Reproduce every line of the listing below exactly.
====================
Lemma sum_trans_mul (h : pop mu n -> R) P :
  \sum_Q trans kappa u tb P Q * h Q =
  \sum_(i < mu) \sum_(y : bits n) mu%:R^-1 * mut_prob R (P i) y *
     \sum_(z in worst kappa u tb P y)
        #|worst kappa u tb P y|%:R^-1 * h (next_pop kappa u tb P y z).
Proof.
under eq_bigr do rewrite mulr_suml; rewrite exchange_big; apply: eq_bigr => i _.
under eq_bigr do rewrite mulr_suml; rewrite exchange_big; apply: eq_bigr => y _.
transitivity (mu%:R^-1 * mut_prob R (P i) y * \sum_Q
   (\sum_(z in worst kappa u tb P y)
      #|worst kappa u tb P y|%:R^-1 * (next_pop kappa u tb P y z == Q)%:R) * h Q).
  by rewrite mulr_sumr; apply: eq_bigr => Q _; rewrite mulrA.
congr (_ * _).
under eq_bigr do rewrite mulr_suml; rewrite exchange_big; apply: eq_bigr => z _.
rewrite (bigD1 (next_pop kappa u tb P y z)) //= eqxx mulr1 big1 ?addr0 // => Q.
by rewrite eq_sym => /negbTE ->; rewrite mulr0 mul0r.
Qed.

Variables (pot : pop mu n -> R) (B : R).
Hypothesis pot_ge0 : forall P, 0 <= pot P.
Hypothesis pot_le : forall P, pot P <= B.
Hypothesis pot_drift :
  forall P, ~~ target P -> \sum_Q trans kappa u tb P Q * pot Q <= pot P - 1.

Let surv_pot t := \sum_P surv kappa u tb t P * pot P.

Lemma surv_pot_step t : prob_not_yet kappa u tb t <= surv_pot t - surv_pot t.+1.
Proof.
have -> : prob_not_yet kappa u tb t = surv_pot t - \sum_P surv kappa u tb t P * (pot P - 1).
  rewrite /surv_pot -sumrB; apply: eq_bigr => P _; ring.
rewrite lerD2l lerN2; apply: le_trans (_ : _ <=
  \sum_P surv kappa u tb t P * \sum_Q trans kappa u tb P Q * pot Q) _; last first.
  apply: ler_sum => P _; have [tP|ntP] := boolP (target P).
    by case: t => [|t] /=; rewrite tP !mul0r.
  by rewrite ler_wpM2l ?surv_ge0 ?pot_drift.
under [X in _ <= X]eq_bigr do rewrite mulr_sumr.
rewrite exchange_big; apply: ler_sum => Q _.
under eq_bigr do rewrite mulrA.
rewrite -mulr_suml ler_wpM2r //=.
case: ifP => _ //; apply: sumr_ge0 => P _.
by rewrite mulr_ge0 ?surv_ge0 ?trans_ge0.
Qed.

Lemma exp_time_partial_le T : exp_time_partial kappa u tb T <= B.
Proof.
have surv_pot_ge0 t : 0 <= surv_pot t.
  by apply: sumr_ge0 => P _; rewrite mulr_ge0 ?surv_ge0.
have surv_pot0 : surv_pot 0 <= B.
  apply: le_trans (_ : _ <= \sum_P init_prob R P * B) _.
    apply: ler_sum => P _; rewrite ler_pM ?surv_ge0 //=.
    by case: ifP => _ //; rewrite invr_ge0 ler0n.
  have pop_gt0 : (0 < #|{: pop mu n}|)%N by apply/card_gt0P; exists [ffun => zeros_str n].
  rewrite -mulr_suml sumr_const /init_prob -(mulr_natr (#|{: pop mu n}|%:R^-1)).
  by rewrite mulVf ?mul1r // pnatr_eq0 -lt0n.
suff : exp_time_partial kappa u tb T <= surv_pot 0 - surv_pot T.
  by have := surv_pot_ge0 T; lra.
elim: T => [|T IHT]; first by rewrite /exp_time_partial big_ord0 subrr.
rewrite /exp_time_partial big_ord_recr /=; have := surv_pot_step T.
by rewrite -/(exp_time_partial _ _ _ T); lra.
Qed.

End AdditiveDrift.

Section ClearingEA.
Variables (R : realType) (n mu kappa : nat) (u : nat -> R) (tb : sort_rule n mu).
Hypothesis u_gt0 : forall i, (i <= n)%N -> 0 < u i.
Hypothesis kappa_gt0 : (0 < kappa)%N.
Hypothesis tb_valid : valid_sort_rule u tb.
Hypothesis mu_ge : (n.+1 * kappa <= mu)%N.
Local Notation clr := (cleared kappa u tb).
Local Notation next := (next_pop kappa u tb).
Local Notation worst_of := (worst kappa u tb).
Implicit Types (P : pop mu n) (x y : bits n).

Lemma mu_gt0 : (0 < mu)%N.
Proof. by apply: leq_trans mu_ge; rewrite muln_gt0 kappa_gt0. Qed.

Lemma fit_gt0 x : 0 < fit u x.
Proof. exact/u_gt0/ones_le. Qed.

Lemma pstar_lift P y i : pstar P y (lift ord_max i) = P i.
Proof. by rewrite ffunE liftK. Qed.

Lemma pstar_max P y : pstar P y ord_max = y.
Proof. by rewrite ffunE unlift_none. Qed.

Lemma pheno_dist_lt1 x y : (pheno_dist x y < 1)%N = (ones x == ones y).
Proof. by rewrite ltnS leqn0 addn_eq0 !subn_eq0 -eqn_leq. Qed.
====================
* **Reply to the task**
Lemma sum_trans_mul (h : pop mu n -> R) P :
  \sum_Q trans kappa u tb P Q * h Q =
  \sum_(i < mu) \sum_(y : bits n) mu%:R^-1 * mut_prob R (P i) y *
     \sum_(z in worst kappa u tb P y)
        #|worst kappa u tb P y|%:R^-1 * h (next_pop kappa u tb P y z).
Proof.
under eq_bigr do rewrite mulr_suml; rewrite exchange_big; apply: eq_bigr => i _.
under eq_bigr do rewrite mulr_suml; rewrite exchange_big; apply: eq_bigr => y _.
transitivity (mu%:R^-1 * mut_prob R (P i) y * \sum_Q
   (\sum_(z in worst kappa u tb P y)
      #|worst kappa u tb P y|%:R^-1 * (next_pop kappa u tb P y z == Q)%:R) * h Q).
  by rewrite mulr_sumr; apply: eq_bigr => Q _; rewrite mulrA.
congr (_ * _).
under eq_bigr do rewrite mulr_suml; rewrite exchange_big; apply: eq_bigr => z _.
rewrite (bigD1 (next_pop kappa u tb P y z)) //= eqxx mulr1 big1 ?addr0 // => Q.
by rewrite eq_sym => /negbTE ->; rewrite mulr0 mul0r.
Qed.

Variables (pot : pop mu n -> R) (B : R).
Hypothesis pot_ge0 : forall P, 0 <= pot P.
Hypothesis pot_le : forall P, pot P <= B.
Hypothesis pot_drift :
  forall P, ~~ target P -> \sum_Q trans kappa u tb P Q * pot Q <= pot P - 1.

Let surv_pot t := \sum_P surv kappa u tb t P * pot P.

Lemma surv_pot_step t : prob_not_yet kappa u tb t <= surv_pot t - surv_pot t.+1.
Proof.
have -> : prob_not_yet kappa u tb t = surv_pot t - \sum_P surv kappa u tb t P * (pot P - 1).
  rewrite /surv_pot -sumrB; apply: eq_bigr => P _; ring.
rewrite lerD2l lerN2; apply: le_trans (_ : _ <=
  \sum_P surv kappa u tb t P * \sum_Q trans kappa u tb P Q * pot Q) _; last first.
  apply: ler_sum => P _; have [tP|ntP] := boolP (target P).
    by case: t => [|t] /=; rewrite tP !mul0r.
  by rewrite ler_wpM2l ?surv_ge0 ?pot_drift.
under [X in _ <= X]eq_bigr do rewrite mulr_sumr.
rewrite exchange_big; apply: ler_sum => Q _.
under eq_bigr do rewrite mulrA.
rewrite -mulr_suml ler_wpM2r //=.
case: ifP => _ //; apply: sumr_ge0 => P _.
by rewrite mulr_ge0 ?surv_ge0 ?trans_ge0.
Qed.

Lemma exp_time_partial_le T : exp_time_partial kappa u tb T <= B.
Proof.
have surv_pot_ge0 t : 0 <= surv_pot t.
  by apply: sumr_ge0 => P _; rewrite mulr_ge0 ?surv_ge0.
have surv_pot0 : surv_pot 0 <= B.
  apply: le_trans (_ : _ <= \sum_P init_prob R P * B) _.
    apply: ler_sum => P _; rewrite ler_pM ?surv_ge0 //=.
    by case: ifP => _ //; rewrite invr_ge0 ler0n.
  have pop_gt0 : (0 < #|{: pop mu n}|)%N by apply/card_gt0P; exists [ffun => zeros_str n].
  rewrite -mulr_suml sumr_const /init_prob -(mulr_natr (#|{: pop mu n}|%:R^-1)).
  by rewrite mulVf ?mul1r // pnatr_eq0 -lt0n.
suff : exp_time_partial kappa u tb T <= surv_pot 0 - surv_pot T.
  by have := surv_pot_ge0 T; lra.
elim: T => [|T IHT]; first by rewrite /exp_time_partial big_ord0 subrr.
rewrite /exp_time_partial big_ord_recr /=; have := surv_pot_step T.
by rewrite -/(exp_time_partial _ _ _ T); lra.
Qed.

End AdditiveDrift.

Section ClearingEA.
Variables (R : realType) (n mu kappa : nat) (u : nat -> R) (tb : sort_rule n mu).
Hypothesis u_gt0 : forall i, (i <= n)%N -> 0 < u i.
Hypothesis kappa_gt0 : (0 < kappa)%N.
Hypothesis tb_valid : valid_sort_rule u tb.
Hypothesis mu_ge : (n.+1 * kappa <= mu)%N.
Local Notation clr := (cleared kappa u tb).
Local Notation next := (next_pop kappa u tb).
Local Notation worst_of := (worst kappa u tb).
Implicit Types (P : pop mu n) (x y : bits n).

Lemma mu_gt0 : (0 < mu)%N.
Proof. by apply: leq_trans mu_ge; rewrite muln_gt0 kappa_gt0. Qed.

Lemma fit_gt0 x : 0 < fit u x.
Proof. exact/u_gt0/ones_le. Qed.

Lemma pstar_lift P y i : pstar P y (lift ord_max i) = P i.
Proof. by rewrite ffunE liftK. Qed.

Lemma pstar_max P y : pstar P y ord_max = y.
Proof. by rewrite ffunE unlift_none. Qed.

Lemma pheno_dist_lt1 x y : (pheno_dist x y < 1)%N = (ones x == ones y).
Proof. by rewrite ltnS leqn0 addn_eq0 !subn_eq0 -eqn_leq. Qed.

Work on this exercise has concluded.